[Stored items]
━━━━
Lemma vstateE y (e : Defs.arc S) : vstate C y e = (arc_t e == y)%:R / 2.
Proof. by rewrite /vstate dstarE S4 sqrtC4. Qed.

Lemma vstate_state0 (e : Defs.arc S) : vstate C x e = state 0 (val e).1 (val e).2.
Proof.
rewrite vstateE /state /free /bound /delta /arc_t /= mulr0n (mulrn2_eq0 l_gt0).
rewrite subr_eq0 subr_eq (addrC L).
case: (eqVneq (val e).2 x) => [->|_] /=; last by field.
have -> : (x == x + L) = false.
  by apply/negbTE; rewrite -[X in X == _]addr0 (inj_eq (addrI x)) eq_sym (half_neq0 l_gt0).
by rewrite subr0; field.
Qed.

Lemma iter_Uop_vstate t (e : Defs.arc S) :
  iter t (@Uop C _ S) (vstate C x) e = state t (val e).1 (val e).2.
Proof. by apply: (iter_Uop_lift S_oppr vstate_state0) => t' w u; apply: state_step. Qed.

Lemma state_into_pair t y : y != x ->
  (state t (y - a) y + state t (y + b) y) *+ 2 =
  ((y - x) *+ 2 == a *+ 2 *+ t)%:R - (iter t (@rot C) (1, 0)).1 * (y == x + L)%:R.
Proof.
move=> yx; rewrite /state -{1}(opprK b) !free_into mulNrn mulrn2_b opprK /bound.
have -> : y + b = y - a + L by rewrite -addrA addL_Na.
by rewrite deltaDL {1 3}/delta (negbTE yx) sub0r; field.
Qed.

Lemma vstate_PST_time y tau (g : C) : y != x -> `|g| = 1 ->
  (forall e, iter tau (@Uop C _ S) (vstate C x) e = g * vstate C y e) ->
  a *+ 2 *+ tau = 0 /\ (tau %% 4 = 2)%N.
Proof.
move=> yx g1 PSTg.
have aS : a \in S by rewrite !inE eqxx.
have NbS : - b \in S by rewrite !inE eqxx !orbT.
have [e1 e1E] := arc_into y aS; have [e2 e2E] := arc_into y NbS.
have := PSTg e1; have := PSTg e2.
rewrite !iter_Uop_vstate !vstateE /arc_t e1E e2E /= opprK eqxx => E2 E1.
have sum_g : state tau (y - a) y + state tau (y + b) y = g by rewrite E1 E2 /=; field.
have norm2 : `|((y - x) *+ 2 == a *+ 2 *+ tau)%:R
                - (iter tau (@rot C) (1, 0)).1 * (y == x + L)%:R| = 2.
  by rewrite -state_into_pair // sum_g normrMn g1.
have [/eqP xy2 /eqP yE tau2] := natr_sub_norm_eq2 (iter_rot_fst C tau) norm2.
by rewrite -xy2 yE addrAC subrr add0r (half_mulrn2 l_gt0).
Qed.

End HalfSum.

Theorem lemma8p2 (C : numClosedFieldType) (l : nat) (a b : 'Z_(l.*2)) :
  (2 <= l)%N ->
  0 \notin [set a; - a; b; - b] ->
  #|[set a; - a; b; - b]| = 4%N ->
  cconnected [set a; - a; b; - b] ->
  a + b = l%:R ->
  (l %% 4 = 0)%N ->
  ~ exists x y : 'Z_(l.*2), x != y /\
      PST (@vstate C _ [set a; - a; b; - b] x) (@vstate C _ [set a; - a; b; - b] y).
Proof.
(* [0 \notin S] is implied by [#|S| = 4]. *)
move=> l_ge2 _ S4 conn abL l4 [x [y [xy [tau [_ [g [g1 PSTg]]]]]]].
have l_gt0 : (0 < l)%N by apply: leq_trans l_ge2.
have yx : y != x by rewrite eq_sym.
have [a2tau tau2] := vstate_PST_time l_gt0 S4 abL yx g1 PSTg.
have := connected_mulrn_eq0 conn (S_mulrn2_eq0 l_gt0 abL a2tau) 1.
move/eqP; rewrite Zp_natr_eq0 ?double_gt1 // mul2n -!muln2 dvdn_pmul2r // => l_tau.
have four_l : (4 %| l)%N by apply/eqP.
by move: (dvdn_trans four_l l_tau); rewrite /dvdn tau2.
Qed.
━━━━
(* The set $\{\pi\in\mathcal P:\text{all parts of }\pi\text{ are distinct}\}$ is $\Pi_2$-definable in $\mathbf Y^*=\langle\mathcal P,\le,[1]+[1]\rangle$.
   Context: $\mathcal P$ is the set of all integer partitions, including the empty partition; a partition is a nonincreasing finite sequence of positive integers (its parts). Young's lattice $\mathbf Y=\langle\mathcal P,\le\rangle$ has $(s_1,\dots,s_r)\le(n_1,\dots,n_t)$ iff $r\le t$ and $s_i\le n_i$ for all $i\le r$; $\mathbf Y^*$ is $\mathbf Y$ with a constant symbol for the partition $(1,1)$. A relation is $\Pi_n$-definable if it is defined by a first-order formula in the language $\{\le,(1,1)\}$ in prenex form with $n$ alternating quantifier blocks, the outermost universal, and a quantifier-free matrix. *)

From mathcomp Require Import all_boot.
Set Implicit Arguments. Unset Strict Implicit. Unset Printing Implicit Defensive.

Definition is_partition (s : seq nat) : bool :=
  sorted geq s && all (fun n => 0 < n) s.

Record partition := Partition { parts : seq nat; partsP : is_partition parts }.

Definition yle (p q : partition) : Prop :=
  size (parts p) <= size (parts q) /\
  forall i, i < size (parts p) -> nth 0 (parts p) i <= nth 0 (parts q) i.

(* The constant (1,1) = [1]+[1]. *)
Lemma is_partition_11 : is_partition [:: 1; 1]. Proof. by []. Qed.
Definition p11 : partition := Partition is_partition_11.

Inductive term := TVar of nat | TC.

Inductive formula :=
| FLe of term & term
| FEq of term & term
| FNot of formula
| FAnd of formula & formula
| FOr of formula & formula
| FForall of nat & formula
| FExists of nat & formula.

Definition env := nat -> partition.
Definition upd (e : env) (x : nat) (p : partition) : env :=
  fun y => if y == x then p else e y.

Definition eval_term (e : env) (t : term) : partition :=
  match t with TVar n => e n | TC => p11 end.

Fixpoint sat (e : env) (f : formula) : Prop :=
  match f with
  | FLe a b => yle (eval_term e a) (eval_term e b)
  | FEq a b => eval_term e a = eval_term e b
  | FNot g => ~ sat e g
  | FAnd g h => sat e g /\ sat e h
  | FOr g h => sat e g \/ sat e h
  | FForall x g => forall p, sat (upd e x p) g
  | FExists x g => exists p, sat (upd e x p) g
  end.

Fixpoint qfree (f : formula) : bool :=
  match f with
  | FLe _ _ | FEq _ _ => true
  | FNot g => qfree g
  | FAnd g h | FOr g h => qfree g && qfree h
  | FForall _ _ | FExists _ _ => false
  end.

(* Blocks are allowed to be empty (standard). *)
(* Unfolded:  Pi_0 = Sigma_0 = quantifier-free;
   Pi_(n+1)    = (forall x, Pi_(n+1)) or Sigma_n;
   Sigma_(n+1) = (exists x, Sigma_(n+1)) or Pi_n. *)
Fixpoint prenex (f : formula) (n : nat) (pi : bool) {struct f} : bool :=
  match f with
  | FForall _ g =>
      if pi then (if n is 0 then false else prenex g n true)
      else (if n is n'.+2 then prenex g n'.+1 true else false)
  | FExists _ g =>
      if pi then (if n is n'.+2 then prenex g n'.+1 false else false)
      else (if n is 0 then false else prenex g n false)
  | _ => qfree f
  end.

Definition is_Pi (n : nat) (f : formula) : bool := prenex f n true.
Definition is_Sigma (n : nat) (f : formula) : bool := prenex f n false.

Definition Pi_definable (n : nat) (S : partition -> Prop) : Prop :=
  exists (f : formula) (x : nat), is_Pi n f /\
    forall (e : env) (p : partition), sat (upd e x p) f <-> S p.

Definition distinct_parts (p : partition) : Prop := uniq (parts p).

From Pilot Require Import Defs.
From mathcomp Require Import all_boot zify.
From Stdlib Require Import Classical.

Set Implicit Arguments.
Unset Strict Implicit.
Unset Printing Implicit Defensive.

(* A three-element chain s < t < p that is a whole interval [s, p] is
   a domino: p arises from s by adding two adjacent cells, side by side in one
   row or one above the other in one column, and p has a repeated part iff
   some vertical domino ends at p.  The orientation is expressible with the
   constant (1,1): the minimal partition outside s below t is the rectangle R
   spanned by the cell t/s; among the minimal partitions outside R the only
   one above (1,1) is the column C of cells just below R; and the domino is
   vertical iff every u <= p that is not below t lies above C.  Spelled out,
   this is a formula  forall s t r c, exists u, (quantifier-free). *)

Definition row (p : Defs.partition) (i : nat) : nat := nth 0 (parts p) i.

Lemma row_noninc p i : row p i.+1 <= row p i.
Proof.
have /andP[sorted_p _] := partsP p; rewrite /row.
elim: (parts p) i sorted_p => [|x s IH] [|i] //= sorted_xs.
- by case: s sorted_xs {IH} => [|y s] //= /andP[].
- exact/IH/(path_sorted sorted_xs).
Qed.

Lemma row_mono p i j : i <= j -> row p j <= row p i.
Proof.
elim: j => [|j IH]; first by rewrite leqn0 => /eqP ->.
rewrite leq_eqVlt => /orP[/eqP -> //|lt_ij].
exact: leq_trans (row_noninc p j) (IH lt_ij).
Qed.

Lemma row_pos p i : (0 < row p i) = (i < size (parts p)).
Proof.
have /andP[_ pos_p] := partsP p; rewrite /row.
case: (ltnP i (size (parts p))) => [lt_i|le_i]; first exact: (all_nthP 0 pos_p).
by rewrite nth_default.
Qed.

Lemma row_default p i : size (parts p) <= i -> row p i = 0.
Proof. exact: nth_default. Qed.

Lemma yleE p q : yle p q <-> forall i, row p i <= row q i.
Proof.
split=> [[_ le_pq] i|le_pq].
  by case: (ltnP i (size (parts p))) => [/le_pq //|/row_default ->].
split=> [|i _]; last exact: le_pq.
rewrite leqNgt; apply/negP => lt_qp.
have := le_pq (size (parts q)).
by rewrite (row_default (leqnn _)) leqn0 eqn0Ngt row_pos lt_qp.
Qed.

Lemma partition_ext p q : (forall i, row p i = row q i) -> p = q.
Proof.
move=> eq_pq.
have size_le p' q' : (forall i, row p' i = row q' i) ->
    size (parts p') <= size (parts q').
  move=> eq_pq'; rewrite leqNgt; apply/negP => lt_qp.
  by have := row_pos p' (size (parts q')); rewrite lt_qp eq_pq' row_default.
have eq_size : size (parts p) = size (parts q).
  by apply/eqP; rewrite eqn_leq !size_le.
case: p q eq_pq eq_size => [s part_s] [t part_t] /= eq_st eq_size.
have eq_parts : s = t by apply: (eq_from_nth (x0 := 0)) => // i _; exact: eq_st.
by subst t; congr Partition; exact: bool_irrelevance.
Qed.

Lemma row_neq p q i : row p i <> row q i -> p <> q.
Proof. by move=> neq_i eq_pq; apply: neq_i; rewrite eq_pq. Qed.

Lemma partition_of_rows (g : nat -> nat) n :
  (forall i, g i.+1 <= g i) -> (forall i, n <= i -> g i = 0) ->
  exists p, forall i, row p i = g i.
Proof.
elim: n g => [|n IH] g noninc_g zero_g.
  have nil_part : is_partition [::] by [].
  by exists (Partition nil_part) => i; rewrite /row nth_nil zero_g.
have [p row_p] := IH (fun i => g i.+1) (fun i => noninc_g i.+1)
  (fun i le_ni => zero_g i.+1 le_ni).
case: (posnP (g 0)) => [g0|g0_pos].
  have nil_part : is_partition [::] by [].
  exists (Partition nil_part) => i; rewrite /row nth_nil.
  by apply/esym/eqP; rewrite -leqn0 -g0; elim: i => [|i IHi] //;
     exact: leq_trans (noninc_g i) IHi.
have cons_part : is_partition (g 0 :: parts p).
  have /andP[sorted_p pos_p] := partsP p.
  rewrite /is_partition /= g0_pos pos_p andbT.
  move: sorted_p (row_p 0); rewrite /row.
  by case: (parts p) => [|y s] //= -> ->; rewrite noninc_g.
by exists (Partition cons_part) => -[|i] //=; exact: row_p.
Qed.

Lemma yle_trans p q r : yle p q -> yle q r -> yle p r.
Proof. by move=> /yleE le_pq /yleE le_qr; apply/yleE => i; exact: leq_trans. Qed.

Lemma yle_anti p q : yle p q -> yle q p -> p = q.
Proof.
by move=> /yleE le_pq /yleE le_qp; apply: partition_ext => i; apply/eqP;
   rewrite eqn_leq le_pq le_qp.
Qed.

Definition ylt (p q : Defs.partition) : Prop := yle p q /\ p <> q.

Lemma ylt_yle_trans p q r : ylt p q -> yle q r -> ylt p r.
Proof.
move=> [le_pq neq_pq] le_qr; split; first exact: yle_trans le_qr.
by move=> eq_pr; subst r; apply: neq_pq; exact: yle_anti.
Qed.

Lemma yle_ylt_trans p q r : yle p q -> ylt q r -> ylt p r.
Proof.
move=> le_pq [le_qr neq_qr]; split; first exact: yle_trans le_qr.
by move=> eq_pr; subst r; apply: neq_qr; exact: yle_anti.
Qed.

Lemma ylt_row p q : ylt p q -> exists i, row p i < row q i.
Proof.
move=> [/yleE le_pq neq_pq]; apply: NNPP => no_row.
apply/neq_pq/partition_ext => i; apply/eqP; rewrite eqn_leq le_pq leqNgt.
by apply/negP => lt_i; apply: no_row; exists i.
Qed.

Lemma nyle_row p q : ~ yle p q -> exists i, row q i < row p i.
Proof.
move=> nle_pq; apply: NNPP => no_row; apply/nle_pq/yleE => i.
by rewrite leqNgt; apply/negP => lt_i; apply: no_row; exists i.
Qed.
━━━━
__Exercise objective__
Return, word for word, the lines of the data above from the line with "Lemma vstateE y" through the line with "move=> yx g1 PSTg.", inclusive.

__Result of this exercise__
Lemma vstateE y (e : Defs.arc S) : vstate C y e = (arc_t e == y)%:R / 2.
Proof. by rewrite /vstate dstarE S4 sqrtC4. Qed.

Lemma vstate_state0 (e : Defs.arc S) : vstate C x e = state 0 (val e).1 (val e).2.
Proof.
rewrite vstateE /state /free /bound /delta /arc_t /= mulr0n (mulrn2_eq0 l_gt0).
rewrite subr_eq0 subr_eq (addrC L).
case: (eqVneq (val e).2 x) => [->|_] /=; last by field.
have -> : (x == x + L) = false.
  by apply/negbTE; rewrite -[X in X == _]addr0 (inj_eq (addrI x)) eq_sym (half_neq0 l_gt0).
by rewrite subr0; field.
Qed.

Lemma iter_Uop_vstate t (e : Defs.arc S) :
  iter t (@Uop C _ S) (vstate C x) e = state t (val e).1 (val e).2.
Proof. by apply: (iter_Uop_lift S_oppr vstate_state0) => t' w u; apply: state_step. Qed.

Lemma state_into_pair t y : y != x ->
  (state t (y - a) y + state t (y + b) y) *+ 2 =
  ((y - x) *+ 2 == a *+ 2 *+ t)%:R - (iter t (@rot C) (1, 0)).1 * (y == x + L)%:R.
Proof.
move=> yx; rewrite /state -{1}(opprK b) !free_into mulNrn mulrn2_b opprK /bound.
have -> : y + b = y - a + L by rewrite -addrA addL_Na.
by rewrite deltaDL {1 3}/delta (negbTE yx) sub0r; field.
Qed.

Lemma vstate_PST_time y tau (g : C) : y != x -> `|g| = 1 ->
  (forall e, iter tau (@Uop C _ S) (vstate C x) e = g * vstate C y e) ->
  a *+ 2 *+ tau = 0 /\ (tau %% 4 = 2)%N.
Proof.
move=> yx g1 PSTg.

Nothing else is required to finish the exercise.